MONETARIO - Cosa succede oggi venerdì 12 novembre

venerdì 12 novembre 2010 07:33
 

* Giornata particolarmente impegnativa dal lato dell'offerta, con il ministero dell'Economia che pone in asta fino a 8,25 miliardi di titoli fra il nuovo Btp a cinque anni, il marzo 2026 e il titolo off-the-run agosto 2034. Nella scorsa seduta il reddito fisso italiano ha ampiamente risentito dell'effetto cascata della crisi irlandese, dell'alto ammontare del collocamento odierno e in misura nettamente minore della crisi di governo.
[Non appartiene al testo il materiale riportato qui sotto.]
(* Let $T$ be a permutation tableau. Then $\mathrm{inv}(T)=0$ if and only if $T$ is an L-Bell tableau.
   Context: Permutation tableaux. Draw a Ferrers diagram in English convention: rows are left-justified, row lengths weakly decrease from top to bottom, and every column is nonempty. Rows of length zero are allowed. A permutation tableau $T$ is a filling of the cells of such a diagram with 0's and 1's satisfying two conditions: (i) every column contains at least one 1; (ii) no cell containing 0 has both a 1 above it in its column and a 1 to its left in its row. Its length $n$ is the number of rows plus the number of columns. Labels. The southeast boundary path of $n$ unit south/west steps, from the top-right corner to the bottom-left corner, has its steps labeled $1,\ldots,n$ in order. Each row gets the label of its south step (at the right end of the row), and each column the label of its west step. $(i,j)$ denotes the cell in row $i$ and column $j$. Zeros, ones and rows. A 1 is topmost if there is no 1 above it in its column. A 0 is restricted if there is a 1 above it in its column. A rightmost restricted 0 is a restricted 0 with no restricted 0 to its right in its row. A row is unrestricted if it contains no restricted 0; empty rows are unrestricted. L-Bell tableau. A permutation tableau is an L-Bell tableau if every topmost 1 is also the leftmost 1 of its row, i.e. there is no 1 to its left in the same row. Dots. Black dots are placed on the topmost 1's (one per column), each labeled by its column label. White dots are placed on the rightmost restricted 0's (one per restricted row), each labeled by its row label. Alternating paths. An alternating path is a sequence of dots, identified with the sequence of their labels, built as follows. - From a white dot in cell $(i,j)$, the next dot is the black dot of column $j$. - From a black dot in cell $(i,j)$: if row $i$ is unrestricted, the path ends; otherwise the next dot is the white dot of row $i$. - If $k$ is a column label or the label of a restricted row, $P_k$ is the path starting at the dot labeled $k$. - If $r$ is the label of an unrestricted row, $P_r$ is the empty path. $P_k$ is contained in a path $P$ if $k$ labels a dot of $P$. Empty paths are contained in no path. Order on paths. Let $P_a,P_b$ be two paths, neither contained in the other. Remove their longest common final segment, obtaining $P'_a,P'_b$. The ending position of $P'_a$ is defined as follows: - if $P'_a$ is nonempty, it is the cell of its last dot; - if $P_a$ is the empty path of an unrestricted row $r$, it is a point at the right end of row $r$, strictly to the right of all its cells. $P_a>P_b$ if the ending position of $P'_a$ is in a strictly lower row than that of $P'_b$, or in the same row and strictly to the right. Otherwise $P_a<P_b$. Inversions. An inversion is a pair $(j,k)$ of labels satisfying all of the following: $j$ is a column label; $j<k$; $k$ is not the label of a dot of $P_j$; and $P_j>P_k$. $\mathrm{inv}(T)$ is the number of inversions. *)

From mathcomp Require Import all_boot.
Set Implicit Arguments. Unset Strict Implicit. Unset Printing Implicit Defensive.
Lemma wstar_approx_attained {R : realType} {X : normedModType R}
    {Q : set (X -> R)} {phi : (X -> R) -> R} (c : R) :
  wstar_closed Q -> wstar_lsc phi ->
  (forall f, dual_space f -> dual_norm f <= phi f) ->
  (forall e, 0 < e -> exists f, [/\ dual_space f, Q f & phi f < c + e]) ->
  exists g, [/\ dual_space g, Q g & phi g <= c].
Proof.
move=> Qcl phil phi_ge approx.
have approx_n (n : nat) :
    exists f, [/\ dual_space f, Q f & phi f < c + n.+1%:R^-1].
  by apply: approx; rewrite invr_gt0.
have [fs fsP] := choice approx_n.
have Sfs n : dual_space (fs n) by have [] := fsP n.
have fsM n : dual_norm (fs n) <= c + 1.
  have [_ _ /ltW fsc] := fsP n; rewrite (le_trans (phi_ge _ (Sfs n))) //.
  by rewrite (le_trans fsc) // lerD2l invf_le1 ?ler1n.
have [U [UU ooU]] := ultraFilterLemma (eventually_filter : ProperFilter \oo).
have PU : ProperFilter U := @ultra_proper _ _ UU.
have [g fsg] := wstar_cvg_ultra_bounded UU Sfs fsM.
have Sg := dual_space_wstar_limit Sfs fsM fsg (FU := PU).
exists g; split=> //; first by apply: (Qcl _ U _ fs) => // n; have [] := fsP n.
apply: (phil _ U _ fs) => // e e0; apply: ooU; near=> n.
have [_ _ /ltW /le_trans] := fsP n; apply; rewrite lerD2l.
by near: n; apply: filterS (near_infty_natSinv_lt (PosNum e0)) => n /ltW.
Unshelve. all: by end_near.
Qed.

Section ExactIsApprox.
Variables (R : realType) (Z : zmodType) (S : set Z) (N : Z -> R) (P : set Z)
  (alpha : R).

Lemma sum_conormalW : sum_conormal S N P alpha -> approx_sum_conormal S N P alpha.
Proof.
move=> h x Sx e e0; have [a [b [Sab Pab xE ab]]] := h x Sx.
by exists a, b; split=> //; apply: le_lt_trans ab _; rewrite ltrDl.
Qed.

Lemma max_conormalW : max_conormal S N P alpha -> approx_max_conormal S N P alpha.
Proof.
move=> h x Sx e e0; have [a [b [Sab Pab xE ab]]] := h x Sx.
by exists a, b; split=> //; apply: le_lt_trans ab _; rewrite ltrDl.
Qed.

Lemma abs_conormalW : abs_conormal S N P alpha -> approx_abs_conormal S N P alpha.
Proof.
move=> h x Sx e e0; have [a [Sa Pa xa xa' ax]] := h x Sx.
by exists a; split=> //; apply: le_lt_trans ax _; rewrite ltrDl.
Qed.

Lemma conormalW : conormal S N P alpha -> approx_conormal S N P alpha.
Proof.
move=> h x Sx e e0; have [a [Sa Pa xa ax]] := h x Sx.
by exists a; split=> //; apply: le_lt_trans ax _; rewrite ltrDl.
Qed.

End ExactIsApprox.

Section DualConormal.
Context {R : realType} {X : normedModType R}.
Variables (C : set X) (alpha : R).
Local Notation approx_dual notion :=
  (notion _ _ (@dual_space R X) (@dual_norm R X) (dual_cone C) alpha).

Lemma dual_sum_conormal_of_approx :
  approx_dual approx_sum_conormal -> approx_dual sum_conormal.
Proof.
(* Optimize over [b] alone: the positive part is [b + x], and [ple _ (- x) b]
   says that it lies in the dual cone. *)
move=> happ x Sx.
have [|e e0|b [Sb [Cb Cbx] nb]] := wstar_approx_attained (alpha * dual_norm x)
  (wstar_closedI (wstar_closed_dual_cone C) (wstar_closed_ple C (dual_spaceN Sx)))
  (wstar_lsc_dual_normD Sx).
- by move=> f Sf; rewrite lerDr dual_norm_ge0 //; exact: dual_spaceD.
- have [a [b [[Sa Sb] [Ca Cb] xE ab]]] := happ x Sx e e0.
  have ax : b + x = a by rewrite xE addrC subrK.
  by exists b; split; rewrite // ?ax //; split; rewrite // /ple opprK ax.
- rewrite /ple opprK in Cbx.
  exists (b + x), b; split=> //; first by split=> //; exact: dual_spaceD.
  by rewrite addrC addKr.
Qed.

Lemma dual_max_conormal_of_approx :
  approx_dual approx_max_conormal -> approx_dual max_conormal.
Proof.
move=> happ x Sx.
have [|e e0|b [Sb [Cb Cbx] nb]] := wstar_approx_attained (alpha * dual_norm x)
  (wstar_closedI (wstar_closed_dual_cone C) (wstar_closed_ple C (dual_spaceN Sx)))
  (wstar_lsc_max (wstar_lsc_shift Sx wstar_lsc_dual_norm) wstar_lsc_dual_norm).
- by move=> f _; rewrite le_max lexx orbT.
- have [a [b [[Sa Sb] [Ca Cb] xE ab]]] := happ x Sx e e0.
  have ax : b + x = a by rewrite xE addrC subrK.
  by exists b; split; rewrite // ?ax //; split; rewrite // /ple opprK ax.
- rewrite /ple opprK in Cbx.
  exists (b + x), b; split=> //; first by split=> //; exact: dual_spaceD.
  by rewrite addrC addKr.
Qed.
Lo spread fra i decennali di riferimento italiano e tedesco si è spinto a livelli che non si registravano dalla prima metà di giugno

* Termina a Seoul il vertice G20, che affronterà tra gli altri temi quello della revisione della normativa su patrimoni, debito e liquidità del settore bancario con l'adozione del pacchetto di Basilea III. Se l'accordo politico è ormai cosa fatta, a quanto affermato da delegati e alcuni banchieri nelle scorse settimane, sulle norme 'rafforzate' per le banche di maggiori dimensioni, le distanze tra singoli paesi si sono rivelate tali da spingere il Financial Stability Board a limitarsi per il momento ad annunciare principi di carattere generale

* Sempre nella capitale sudcoreana, i leader dei Venti dovrebbero trovare un'intesa sulle "linee guida indicative" per la misurazione degli squilibri globali. Si è tenuta intanto a margine dei lavori una 'troika' tra Germania, Francia e Gran Bretagna sul caso irlandese. Angela merkel assicura che l'Unione europea è pronta a intervenire in caso di necessità.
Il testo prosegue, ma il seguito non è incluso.